Monday, 8 July 2013

Shades of Arbitrary Definition.

As a writer, one of the questions that always intrigued me was the difference between twilight and dusk. Or I suppose it would be more precise to ask at what point one turns into the other.

There seems to be a consensus that twilight starts after the sun has set and the daylight begins to fade, and that dusk ends when the night becomes as dark as it’s going to get. Right, but where does the demarcation lie?

I was standing by the greenhouse this evening, pondering whether it was still twilight or whether the dusk was gathering. (‘Gathering’ goes almost as well with ‘dusk’ as it does with ‘gloom,’ even though it lacks that extra alliterative thrust.) I realised that the foxglove close to where I was standing was still recognisably pink, and I decided henceforth to make that my definition. If colours are still clearly recognisable, it’s twilight; if detail is recognisable but the colours are fading to grey tone, it’s dusk.

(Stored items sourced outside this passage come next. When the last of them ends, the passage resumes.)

(* Let $(X,\tau)$ be a $\mathbb{B}$-topological space. (i) For every inhabited, saturated and compact $\theta\in\mathbb{B}^X$, the map $\mathrm{sub}_X(\theta,-)\colon\tau\to\mathbb{B}$ is a Scott open $\mathbb{B}$-filter of $\tau$. (ii) For all inhabited, saturated and compact $\theta_1,\theta_2\in\mathbb{B}^X$, $$\mathrm{sub}_X(\theta_2,\theta_1)=\bigwedge_{\lambda\in\tau}\big(\mathrm{sub}_X(\theta_1,\lambda)\to\mathrm{sub}_X(\theta_2,\lambda)\big).$$ (iii) If $(X,\tau)$ is $\mathbb{B}$-sober, then for every Scott open $\mathbb{B}$-filter $F$ of $\tau$ there is a unique inhabited, saturated and compact $\theta\in\mathbb{B}^X$ such that $F(\lambda)=\mathrm{sub}_X(\theta,\lambda)$ for all $\lambda\in\tau$.
   Context: $\mathbb{B}=\{0,1,tt,ff\}$ is the four-element Boolean algebra with bottom $0$, top $1$, and $tt,ff$ incomparable and complements of each other; $\neg$ is its complement and $a\to b=\neg a\vee b$. For a set $X$, $\mathbb{B}^X$ is the set of maps $X\to\mathbb{B}$ with pointwise order and operations; for $b\in\mathbb{B}$, $b_X$ is the constant map with value $b$; for $x\in X$, $1_x$ is the map sending $x$ to $1$ and all other points to $0$. A $\mathbb{B}$-topology on $X$ is a subset $\tau\subseteq\mathbb{B}^X$ containing all constant maps and closed under arbitrary pointwise joins and finite pointwise meets; its elements are open sets. For $\lambda,\mu\in\mathbb{B}^X$, $\mathrm{sub}_X(\lambda,\mu)=\bigwedge_{x\in X}(\lambda(x)\to\mu(x))$. The specialization $\mathbb{B}$-order is $\Omega(\tau)(x,y)=\bigwedge_{\lambda\in\tau}(\lambda(x)\to\lambda(y))$. $\theta\in\mathbb{B}^X$ is inhabited if $\bigvee_{x\in X}\theta(x)=1$; saturated if $\Omega(\tau)(x,y)\le\theta(x)\to\theta(y)$ for all $x,y\in X$; compact if for every family $\Lambda\subseteq\tau$ directed with respect to the pointwise order, $\mathrm{sub}_X(\theta,\bigvee\Lambda)=\bigvee_{\lambda\in\Lambda}\mathrm{sub}_X(\theta,\lambda)$. A $\mathbb{B}$-filter of $\tau$ is a map $F\colon\tau\to\mathbb{B}$ with $F(b_X)=b$ for all $b\in\mathbb{B}$ and $F(\lambda\wedge\mu)=F(\lambda)\wedge F(\mu)$ for all $\lambda,\mu\in\tau$; it is Scott open if moreover $F(\bigvee\Lambda)=\bigvee_{\lambda\in\Lambda}F(\lambda)$ for every directed $\Lambda\subseteq\tau$. A $\mathbb{B}$-point of $\tau$ is a frame homomorphism $p\colon\tau\to\mathbb{B}$ (preserving finite meets and arbitrary joins) with $p(b_X)=b$ for all $b\in\mathbb{B}$. $(X,\tau)$ is $\mathbb{B}$-sober if for every $\mathbb{B}$-point $p$ of $\tau$ there is a unique $x\in X$ with $p(\lambda)=\lambda(x)$ for all $\lambda\in\tau$. *)

From Stdlib Require Import Classical ClassicalEpsilon FunctionalExtensionality.

Inductive B : Type := B0 | B1 | Btt | Bff.

Definition bmeet (a b : B) : B :=
  match a, b with
  | B1, x => x | x, B1 => x
  | B0, _ => B0 | _, B0 => B0
  | Btt, Btt => Btt | Bff, Bff => Bff
  | _, _ => B0
  end.

Definition bjoin (a b : B) : B :=
  match a, b with
  | B0, x => x | x, B0 => x
  | B1, _ => B1 | _, B1 => B1
  | Btt, Btt => Btt | Bff, Bff => Bff
  | _, _ => B1
  end.

Definition bneg (a : B) : B :=
  match a with B0 => B1 | B1 => B0 | Btt => Bff | Bff => Btt end.

Definition bimp (a b : B) : B := bjoin (bneg a) b.

Definition ble (a b : B) : Prop := bmeet a b = a.

Definition bJoin (S : B -> Prop) : B :=
  if excluded_middle_informative (S B1 \/ (S Btt /\ S Bff)) then B1
  else if excluded_middle_informative (S Btt) then Btt
  else if excluded_middle_informative (S Bff) then Bff
  else B0.

Definition bMeet (S : B -> Prop) : B := bneg (bJoin (fun b => S (bneg b))).

Section BX.
Variable X : Type.

Definition BX := X -> B.

Definition constX (b : B) : BX := fun _ => b.

Definition leX (l m : BX) : Prop := forall x, ble (l x) (m x).
Definition meetX (l m : BX) : BX := fun x => bmeet (l x) (m x).
Definition JoinX (L : BX -> Prop) : BX :=
  fun x => bJoin (fun b => exists l, L l /\ b = l x).

Definition is_Btopology (tau : BX -> Prop) : Prop :=
  (forall b, tau (constX b)) /\
  (forall L : BX -> Prop, (forall l, L l -> tau l) -> tau (JoinX L)) /\
  (forall l m, tau l -> tau m -> tau (meetX l m)).

Definition subX (l m : BX) : B := bMeet (fun b => exists x, b = bimp (l x) (m x)).

Definition Omega (tau : BX -> Prop) (x y : X) : B :=
  bMeet (fun b => exists l, tau l /\ b = bimp (l x) (l y)).

Definition directed (tau : BX -> Prop) (L : BX -> Prop) : Prop :=
  (forall l, L l -> tau l) /\ (exists l, L l) /\
  (forall l m, L l -> L m -> exists n, L n /\ leX l n /\ leX m n).

Definition inhabited (th : BX) : Prop := bJoin (fun b => exists x, b = th x) = B1.

Definition saturated (tau : BX -> Prop) (th : BX) : Prop :=
  forall x y, ble (Omega tau x y) (bimp (th x) (th y)).

Definition compact (tau : BX -> Prop) (th : BX) : Prop :=
  forall L, directed tau L ->
    subX th (JoinX L) = bJoin (fun b => exists l, L l /\ b = subX th l).

(* B-filter and Scott open B-filter of tau (only values on tau matter) *)
Definition Bfilter (tau : BX -> Prop) (F : BX -> B) : Prop :=
  (forall b, F (constX b) = b) /\
  (forall l m, tau l -> tau m -> F (meetX l m) = bmeet (F l) (F m)).

Definition scott_open_Bfilter (tau : BX -> Prop) (F : BX -> B) : Prop :=
  Bfilter tau F /\
  (forall L, directed tau L -> F (JoinX L) = bJoin (fun b => exists l, L l /\ b = F l)).

Definition Bpoint (tau : BX -> Prop) (p : BX -> B) : Prop :=
  (forall b, p (constX b) = b) /\
  (forall l m, tau l -> tau m -> p (meetX l m) = bmeet (p l) (p m)) /\
  (forall L, (forall l, L l -> tau l) -> p (JoinX L) = bJoin (fun b => exists l, L l /\ b = p l)).

Definition Bsober (tau : BX -> Prop) : Prop :=
  forall p, Bpoint tau p -> exists! x : X, forall l, tau l -> p l = l x.

End BX.

Arguments constX {X}.
Arguments leX {X}.
Arguments meetX {X}.
Arguments JoinX {X}.
Arguments is_Btopology {X}.
Arguments subX {X}.
Arguments Omega {X}.
Arguments directed {X}.
Arguments inhabited {X}.
Arguments saturated {X}.
Arguments compact {X}.
Arguments Bfilter {X}.
Arguments scott_open_Bfilter {X}.
Arguments Bpoint {X}.
Arguments Bsober {X}.

(* The Boolean algebra B is isomorphic to Prop x Prop through its atoms tt and ff, so every
   B-valued statement splits into two classical ones, one per coordinate, and a map X -> B into a
   pair of subsets of X.  Coordinatewise, (i) is routine and compactness is exactly Scott
   continuity, and (ii) holds because a saturated set is the intersection of the open sets
   containing it.  For (iii) take the core theta(x) = /\_lambda (F lambda -> lambda x) of F.  If an
   open U contains the core in coordinate i but F U fails there, Zorn's lemma gives an open V
   containing U, maximal with F V failing; the opens not contained in V form a completely prime
   filter in coordinate i, and with evaluation at any point in the other coordinate they define a
   B-point.  Sobriety realises it at a point x, which lies in the core, hence in U and in V,
   although V is contained in itself. *)
From Stdlib Require Import Classical ClassicalEpsilon FunctionalExtensionality.
From mathcomp Require classical_sets.

Set Implicit Arguments.

Definition holds (i : bool) (b : B) : Prop :=
  match i, b with
  | _, B1 => True | true, Btt => True | false, Bff => True | _, _ => False
  end.

Definition atom (i : bool) : B := if i then Btt else Bff.

Definition Bof (f : bool -> Prop) : B :=
  if excluded_middle_informative (f true) then
    if excluded_middle_informative (f false) then B1 else Btt
  else if excluded_middle_informative (f false) then Bff else B0.

Ltac Bcases :=
  repeat match goal with
  | i : bool |- _ => destruct i
  | b : B |- _ => destruct b
  end; simpl in *; try tauto.

Lemma B_ext a b : (forall i, holds i a <-> holds i b) -> a = b.
Proof. intros H; pose proof (H true); pose proof (H false); Bcases. Qed.

Lemma holds_meet i a b : holds i (bmeet a b) <-> holds i a /\ holds i b.
Proof. Bcases. Qed.

Lemma holds_join i a b : holds i (bjoin a b) <-> holds i a \/ holds i b.
Proof. Bcases. Qed.

Lemma holds_neg i a : holds i (bneg a) <-> ~ holds i a.
Proof. Bcases. Qed.

Lemma holds_imp i a b : holds i (bimp a b) <-> (holds i a -> holds i b).
Proof. unfold bimp; rewrite holds_join, holds_neg; destruct (classic (holds i a)); tauto. Qed.

Lemma holds_atom i k : holds i (atom k) <-> i = k.
Proof. destruct i, k; simpl; intuition discriminate. Qed.

Lemma holds_B0 i : ~ holds i B0.
Proof. Bcases. Qed.

Lemma holds_B1 i : holds i B1.
Proof. Bcases. Qed.

Lemma holds_Bof i f : holds i (Bof f) <-> f i.
Proof. unfold Bof; repeat destruct excluded_middle_informative; destruct i; simpl; tauto. Qed.

Lemma ble_holds a b : ble a b <-> forall i, holds i a -> holds i b.
Proof.
  unfold ble; split.
  - intros H i; rewrite <- H, holds_meet; tauto.
  - intros H; apply B_ext; intros i; rewrite holds_meet; specialize (H i); tauto.
Qed.

Lemma holds_bJoin i S : holds i (bJoin S) <-> exists b, S b /\ holds i b.
Proof.
  unfold bJoin.
  destruct excluded_middle_informative as [[H | [Htt Hff]] | H1].
  { split; [intros _; exists B1; split; [exact H | apply holds_B1] | intros; apply holds_B1]. }
  { split; [intros _; destruct i; [exists Btt | exists Bff]; simpl; auto | intros; apply holds_B1]. }
  destruct excluded_middle_informative as [H2 | H2];
    [| destruct excluded_middle_informative as [H3 | H3]];
    (split; [intros Hi; Bcases; eauto |
             intros [b [Hb Hi]]; destruct b; Bcases; apply H1; tauto]).
Qed.

Lemma holds_bMeet i S : holds i (bMeet S) <-> forall b, S b -> holds i b.
Proof.
  unfold bMeet; rewrite holds_neg, holds_bJoin; split.
  - intros H b Hb; apply NNPP; intros Hn; apply H; exists (bneg b).
    rewrite holds_neg; destruct b; simpl in *; auto.
  - intros H [b [Hb Hi]]; apply H in Hb; rewrite holds_neg in Hb; auto.
Qed.

Section Pointwise.
Variable X : Type.
Implicit Types (l m th : X -> B) (L : (X -> B) -> Prop).

Definition sub_at i l m : Prop := forall x, holds i (l x) -> holds i (m x).

Definition restrict i l : X -> B := meetX l (constX (atom i)).

Definition joinX l m : X -> B := JoinX (fun w => w = l \/ w = m).

Lemma BX_ext l m : (forall i x, holds i (l x) <-> holds i (m x)) -> l = m.
Proof. intros H; apply functional_extensionality; intros x; apply B_ext; auto. Qed.

Lemma holds_subX i l m : holds i (subX l m) <-> sub_at i l m.
Proof.
  unfold subX, sub_at; rewrite holds_bMeet; split.
  - intros H x; rewrite <- holds_imp; apply H; eauto.
  - intros H b [x ->]; rewrite holds_imp; auto.
Qed.

Lemma holds_JoinX i L x : holds i (JoinX L x) <-> exists l, L l /\ holds i (l x).
Proof.
  unfold JoinX; rewrite holds_bJoin; split.
  - intros [b [[l [Hl ->]] Hi]]; eauto.
  - intros [l [Hl Hi]]; eauto.
Qed.

Lemma holds_joinX i l m x : holds i (joinX l m x) <-> holds i (l x) \/ holds i (m x).
Proof.
  unfold joinX; rewrite holds_JoinX; split.
  - intros [w [[-> | ->] Hw]]; auto.
  - intros [H | H]; eauto.
Qed.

But that depends on the quality of your eyesight, and colour vision in particular, which is all about the variable sensitivity of an individual’s rods and cones. Isn’t life complicated?

*  *  *

On a related, though less wholesome, theme, I knew a Customs officer once who had worked at the ports seizing printed matter that was deemed to be pornographic. I asked him how he defined pornography. ‘Well,’ he said, ‘if it puts me off me tea, it’s pornographic.’

See what I mean?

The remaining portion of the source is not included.